Copy out exactly the lines below that run from the one holding "by rewrite -y1; apply: linf_norm_adherent;" to the one holding "have := ler_normD", keeping both of those lines and no others.

*** MATERIAL PROVIDED ***

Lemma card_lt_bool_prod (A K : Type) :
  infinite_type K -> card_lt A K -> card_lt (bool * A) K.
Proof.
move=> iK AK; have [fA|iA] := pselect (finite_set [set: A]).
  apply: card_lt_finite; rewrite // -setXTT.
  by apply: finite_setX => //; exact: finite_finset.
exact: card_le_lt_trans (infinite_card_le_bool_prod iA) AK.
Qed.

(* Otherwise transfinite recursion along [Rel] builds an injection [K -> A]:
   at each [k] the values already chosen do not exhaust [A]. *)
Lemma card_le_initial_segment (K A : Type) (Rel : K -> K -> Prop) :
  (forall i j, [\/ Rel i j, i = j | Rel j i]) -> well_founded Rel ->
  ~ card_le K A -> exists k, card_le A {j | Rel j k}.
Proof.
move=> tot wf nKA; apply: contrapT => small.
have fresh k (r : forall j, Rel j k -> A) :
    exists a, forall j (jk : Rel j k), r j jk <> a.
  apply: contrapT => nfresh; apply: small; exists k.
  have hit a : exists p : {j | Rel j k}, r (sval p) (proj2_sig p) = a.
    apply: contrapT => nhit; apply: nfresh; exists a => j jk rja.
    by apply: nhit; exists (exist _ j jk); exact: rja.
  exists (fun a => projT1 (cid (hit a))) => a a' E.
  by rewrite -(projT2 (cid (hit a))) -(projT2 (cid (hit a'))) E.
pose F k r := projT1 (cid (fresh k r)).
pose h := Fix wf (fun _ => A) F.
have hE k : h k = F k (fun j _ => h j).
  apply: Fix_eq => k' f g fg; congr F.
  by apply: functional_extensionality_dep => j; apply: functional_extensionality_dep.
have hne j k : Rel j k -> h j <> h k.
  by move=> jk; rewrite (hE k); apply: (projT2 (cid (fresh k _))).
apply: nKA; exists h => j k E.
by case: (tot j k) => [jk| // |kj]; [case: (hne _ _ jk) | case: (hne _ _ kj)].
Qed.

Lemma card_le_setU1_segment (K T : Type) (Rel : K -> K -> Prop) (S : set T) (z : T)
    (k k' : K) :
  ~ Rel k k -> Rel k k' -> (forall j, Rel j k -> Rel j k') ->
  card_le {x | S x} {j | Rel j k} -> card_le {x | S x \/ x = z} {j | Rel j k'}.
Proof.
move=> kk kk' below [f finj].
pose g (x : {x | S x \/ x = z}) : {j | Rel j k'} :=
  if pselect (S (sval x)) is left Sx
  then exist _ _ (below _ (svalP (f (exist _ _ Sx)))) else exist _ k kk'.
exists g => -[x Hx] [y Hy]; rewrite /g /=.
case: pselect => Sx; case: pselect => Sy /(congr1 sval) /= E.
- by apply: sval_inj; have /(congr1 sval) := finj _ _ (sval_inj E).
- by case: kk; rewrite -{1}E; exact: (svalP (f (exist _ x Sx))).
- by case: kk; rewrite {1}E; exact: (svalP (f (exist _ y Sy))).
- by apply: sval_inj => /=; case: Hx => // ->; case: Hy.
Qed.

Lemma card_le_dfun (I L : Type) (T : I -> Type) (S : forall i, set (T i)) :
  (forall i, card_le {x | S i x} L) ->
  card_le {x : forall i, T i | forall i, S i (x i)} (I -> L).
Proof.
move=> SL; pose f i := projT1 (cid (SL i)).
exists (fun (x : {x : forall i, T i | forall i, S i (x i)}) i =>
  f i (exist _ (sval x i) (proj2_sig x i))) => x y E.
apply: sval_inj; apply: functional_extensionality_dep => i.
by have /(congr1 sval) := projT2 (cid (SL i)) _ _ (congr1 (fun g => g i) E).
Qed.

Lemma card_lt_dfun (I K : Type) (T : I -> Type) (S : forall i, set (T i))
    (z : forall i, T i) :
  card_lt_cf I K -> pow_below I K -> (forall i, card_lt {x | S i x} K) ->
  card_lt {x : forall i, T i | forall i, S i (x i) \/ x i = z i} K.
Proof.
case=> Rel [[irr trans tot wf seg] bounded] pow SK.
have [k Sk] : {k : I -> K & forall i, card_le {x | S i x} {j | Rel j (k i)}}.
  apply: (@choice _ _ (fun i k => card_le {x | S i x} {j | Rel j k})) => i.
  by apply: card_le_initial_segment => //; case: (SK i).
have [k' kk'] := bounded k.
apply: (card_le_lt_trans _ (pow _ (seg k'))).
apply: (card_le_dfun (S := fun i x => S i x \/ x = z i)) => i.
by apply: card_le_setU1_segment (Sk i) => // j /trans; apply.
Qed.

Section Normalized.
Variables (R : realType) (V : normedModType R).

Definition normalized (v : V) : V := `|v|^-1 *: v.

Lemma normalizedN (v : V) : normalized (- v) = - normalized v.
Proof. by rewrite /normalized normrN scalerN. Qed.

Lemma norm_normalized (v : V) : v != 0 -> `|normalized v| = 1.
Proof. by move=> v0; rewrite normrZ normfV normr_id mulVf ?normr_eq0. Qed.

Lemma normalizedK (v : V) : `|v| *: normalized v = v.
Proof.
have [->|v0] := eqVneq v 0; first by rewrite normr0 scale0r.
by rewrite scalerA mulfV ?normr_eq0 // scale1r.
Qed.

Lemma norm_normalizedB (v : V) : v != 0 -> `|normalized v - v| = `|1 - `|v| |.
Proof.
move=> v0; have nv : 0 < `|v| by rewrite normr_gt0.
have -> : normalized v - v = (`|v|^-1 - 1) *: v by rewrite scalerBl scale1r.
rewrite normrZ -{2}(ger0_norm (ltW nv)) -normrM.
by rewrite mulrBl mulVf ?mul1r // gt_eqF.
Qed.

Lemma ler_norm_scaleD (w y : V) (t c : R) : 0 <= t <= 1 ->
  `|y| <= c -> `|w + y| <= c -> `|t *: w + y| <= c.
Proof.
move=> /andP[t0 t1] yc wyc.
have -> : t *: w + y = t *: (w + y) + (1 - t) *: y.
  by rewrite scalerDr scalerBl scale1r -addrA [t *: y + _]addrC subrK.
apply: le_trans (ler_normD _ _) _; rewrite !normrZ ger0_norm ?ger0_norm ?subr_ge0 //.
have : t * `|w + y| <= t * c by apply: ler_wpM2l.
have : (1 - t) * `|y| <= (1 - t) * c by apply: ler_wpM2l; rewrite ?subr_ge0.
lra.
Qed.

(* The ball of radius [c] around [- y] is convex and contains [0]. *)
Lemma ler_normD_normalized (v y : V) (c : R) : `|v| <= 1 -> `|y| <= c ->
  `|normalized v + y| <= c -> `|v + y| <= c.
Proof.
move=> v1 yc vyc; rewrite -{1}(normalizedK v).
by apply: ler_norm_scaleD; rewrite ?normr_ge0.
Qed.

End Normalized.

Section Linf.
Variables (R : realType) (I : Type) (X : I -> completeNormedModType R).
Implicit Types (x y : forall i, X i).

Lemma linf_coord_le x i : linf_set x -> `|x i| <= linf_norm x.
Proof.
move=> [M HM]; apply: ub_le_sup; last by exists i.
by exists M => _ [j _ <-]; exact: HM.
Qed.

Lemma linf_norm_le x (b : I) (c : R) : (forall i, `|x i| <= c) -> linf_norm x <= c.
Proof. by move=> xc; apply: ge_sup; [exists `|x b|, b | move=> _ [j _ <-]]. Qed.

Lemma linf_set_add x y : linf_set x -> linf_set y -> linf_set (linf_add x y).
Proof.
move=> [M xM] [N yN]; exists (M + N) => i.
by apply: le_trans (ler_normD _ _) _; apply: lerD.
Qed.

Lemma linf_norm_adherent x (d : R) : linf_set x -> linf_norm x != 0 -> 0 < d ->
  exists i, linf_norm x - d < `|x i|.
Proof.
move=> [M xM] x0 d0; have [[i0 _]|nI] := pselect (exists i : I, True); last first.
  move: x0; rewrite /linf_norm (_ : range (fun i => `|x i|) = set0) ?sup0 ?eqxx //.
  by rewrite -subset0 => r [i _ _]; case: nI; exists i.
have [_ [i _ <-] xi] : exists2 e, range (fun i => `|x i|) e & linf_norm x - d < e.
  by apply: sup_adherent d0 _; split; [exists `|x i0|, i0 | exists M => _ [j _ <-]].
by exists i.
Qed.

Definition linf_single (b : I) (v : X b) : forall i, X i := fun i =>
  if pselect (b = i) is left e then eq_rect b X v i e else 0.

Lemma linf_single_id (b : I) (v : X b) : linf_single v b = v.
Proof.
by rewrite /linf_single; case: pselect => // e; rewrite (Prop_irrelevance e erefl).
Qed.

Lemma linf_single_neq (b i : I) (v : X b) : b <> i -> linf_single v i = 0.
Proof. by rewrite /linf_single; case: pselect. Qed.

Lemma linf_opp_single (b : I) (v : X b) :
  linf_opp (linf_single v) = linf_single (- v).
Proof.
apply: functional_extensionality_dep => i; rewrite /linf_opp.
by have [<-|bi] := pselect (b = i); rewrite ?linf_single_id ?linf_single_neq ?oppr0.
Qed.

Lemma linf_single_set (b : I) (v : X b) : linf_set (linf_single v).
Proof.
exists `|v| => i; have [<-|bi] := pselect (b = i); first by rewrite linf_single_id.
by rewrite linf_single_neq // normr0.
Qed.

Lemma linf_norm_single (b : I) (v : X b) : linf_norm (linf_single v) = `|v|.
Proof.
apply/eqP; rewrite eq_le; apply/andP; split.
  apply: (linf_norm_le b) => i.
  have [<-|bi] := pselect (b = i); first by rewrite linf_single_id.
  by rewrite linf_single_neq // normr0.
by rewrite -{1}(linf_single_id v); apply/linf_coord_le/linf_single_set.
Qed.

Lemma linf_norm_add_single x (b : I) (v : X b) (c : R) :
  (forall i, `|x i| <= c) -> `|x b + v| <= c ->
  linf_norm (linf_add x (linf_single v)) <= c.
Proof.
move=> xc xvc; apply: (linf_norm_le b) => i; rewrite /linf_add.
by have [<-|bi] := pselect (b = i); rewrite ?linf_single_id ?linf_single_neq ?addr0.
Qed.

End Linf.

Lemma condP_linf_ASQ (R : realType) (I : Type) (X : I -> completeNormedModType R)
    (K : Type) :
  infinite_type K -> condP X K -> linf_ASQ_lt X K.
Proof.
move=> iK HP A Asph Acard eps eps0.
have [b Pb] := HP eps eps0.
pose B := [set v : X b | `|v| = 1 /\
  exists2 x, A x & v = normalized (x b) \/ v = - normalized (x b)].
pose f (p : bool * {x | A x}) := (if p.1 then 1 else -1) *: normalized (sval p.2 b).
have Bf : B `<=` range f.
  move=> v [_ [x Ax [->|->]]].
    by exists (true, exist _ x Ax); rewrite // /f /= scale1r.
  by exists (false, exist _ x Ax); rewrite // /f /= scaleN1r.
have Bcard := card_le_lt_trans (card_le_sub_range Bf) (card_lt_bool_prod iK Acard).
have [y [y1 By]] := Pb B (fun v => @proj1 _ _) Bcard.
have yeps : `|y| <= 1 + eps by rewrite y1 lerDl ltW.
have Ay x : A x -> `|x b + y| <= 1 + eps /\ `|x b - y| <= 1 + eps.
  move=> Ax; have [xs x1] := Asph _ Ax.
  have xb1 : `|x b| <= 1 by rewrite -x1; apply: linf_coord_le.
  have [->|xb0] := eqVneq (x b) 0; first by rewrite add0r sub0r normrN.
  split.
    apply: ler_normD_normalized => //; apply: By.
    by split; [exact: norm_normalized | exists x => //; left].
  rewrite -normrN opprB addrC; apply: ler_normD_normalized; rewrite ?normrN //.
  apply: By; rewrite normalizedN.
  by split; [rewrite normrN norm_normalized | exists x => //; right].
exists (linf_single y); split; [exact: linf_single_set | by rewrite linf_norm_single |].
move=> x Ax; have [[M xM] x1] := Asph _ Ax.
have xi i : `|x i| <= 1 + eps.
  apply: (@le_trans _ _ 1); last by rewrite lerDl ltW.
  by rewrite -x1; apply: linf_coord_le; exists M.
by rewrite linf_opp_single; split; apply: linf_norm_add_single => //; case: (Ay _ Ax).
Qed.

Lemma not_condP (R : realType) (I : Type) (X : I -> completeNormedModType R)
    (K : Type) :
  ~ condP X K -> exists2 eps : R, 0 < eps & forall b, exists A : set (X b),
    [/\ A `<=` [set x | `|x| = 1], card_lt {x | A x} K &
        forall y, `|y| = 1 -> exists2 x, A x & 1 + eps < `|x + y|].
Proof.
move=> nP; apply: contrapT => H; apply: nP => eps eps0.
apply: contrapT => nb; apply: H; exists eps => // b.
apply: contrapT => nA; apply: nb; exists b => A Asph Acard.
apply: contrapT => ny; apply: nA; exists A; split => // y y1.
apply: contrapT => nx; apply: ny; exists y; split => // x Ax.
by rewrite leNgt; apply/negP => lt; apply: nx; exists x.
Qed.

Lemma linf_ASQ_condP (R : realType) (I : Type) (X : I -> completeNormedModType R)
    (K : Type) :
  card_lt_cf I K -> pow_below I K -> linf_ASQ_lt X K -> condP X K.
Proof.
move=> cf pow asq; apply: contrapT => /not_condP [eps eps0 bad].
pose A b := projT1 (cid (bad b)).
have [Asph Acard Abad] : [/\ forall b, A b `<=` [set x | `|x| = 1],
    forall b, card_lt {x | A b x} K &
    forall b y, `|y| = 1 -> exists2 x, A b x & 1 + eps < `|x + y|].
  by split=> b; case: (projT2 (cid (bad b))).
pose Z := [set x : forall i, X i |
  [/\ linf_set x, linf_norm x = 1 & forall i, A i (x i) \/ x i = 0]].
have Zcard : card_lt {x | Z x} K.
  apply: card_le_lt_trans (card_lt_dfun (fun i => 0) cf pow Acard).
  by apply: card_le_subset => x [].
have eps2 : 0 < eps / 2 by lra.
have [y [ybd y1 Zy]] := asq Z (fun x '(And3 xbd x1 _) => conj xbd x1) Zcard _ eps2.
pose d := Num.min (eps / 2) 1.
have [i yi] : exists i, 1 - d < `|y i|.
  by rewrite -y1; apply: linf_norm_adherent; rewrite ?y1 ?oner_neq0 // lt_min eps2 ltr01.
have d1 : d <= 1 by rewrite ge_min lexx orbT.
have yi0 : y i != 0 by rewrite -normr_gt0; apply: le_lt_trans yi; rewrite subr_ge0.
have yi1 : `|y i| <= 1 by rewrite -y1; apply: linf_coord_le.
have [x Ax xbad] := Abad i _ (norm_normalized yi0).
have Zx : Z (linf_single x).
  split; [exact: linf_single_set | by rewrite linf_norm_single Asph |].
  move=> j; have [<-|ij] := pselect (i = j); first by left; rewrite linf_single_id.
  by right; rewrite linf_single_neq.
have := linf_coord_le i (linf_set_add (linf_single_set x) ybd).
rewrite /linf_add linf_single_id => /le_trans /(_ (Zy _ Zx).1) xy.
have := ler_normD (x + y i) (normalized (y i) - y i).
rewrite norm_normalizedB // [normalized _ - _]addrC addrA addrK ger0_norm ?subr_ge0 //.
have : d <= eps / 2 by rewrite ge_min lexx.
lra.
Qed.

*** End of MATERIAL PROVIDED ***

-- FINAL ANSWER --
  by rewrite -y1; apply: linf_norm_adherent; rewrite ?y1 ?oner_neq0 // lt_min eps2 ltr01.
have d1 : d <= 1 by rewrite ge_min lexx orbT.
have yi0 : y i != 0 by rewrite -normr_gt0; apply: le_lt_trans yi; rewrite subr_ge0.
have yi1 : `|y i| <= 1 by rewrite -y1; apply: linf_coord_le.
have [x Ax xbad] := Abad i _ (norm_normalized yi0).
have Zx : Z (linf_single x).
  split; [exact: linf_single_set | by rewrite linf_norm_single Asph |].
  move=> j; have [<-|ij] := pselect (i = j); first by left; rewrite linf_single_id.
  by right; rewrite linf_single_neq.
have := linf_coord_le i (linf_set_add (linf_single_set x) ybd).
rewrite /linf_add linf_single_id => /le_trans /(_ (Zy _ Zx).1) xy.
have := ler_normD (x + y i) (normalized (y i) - y i).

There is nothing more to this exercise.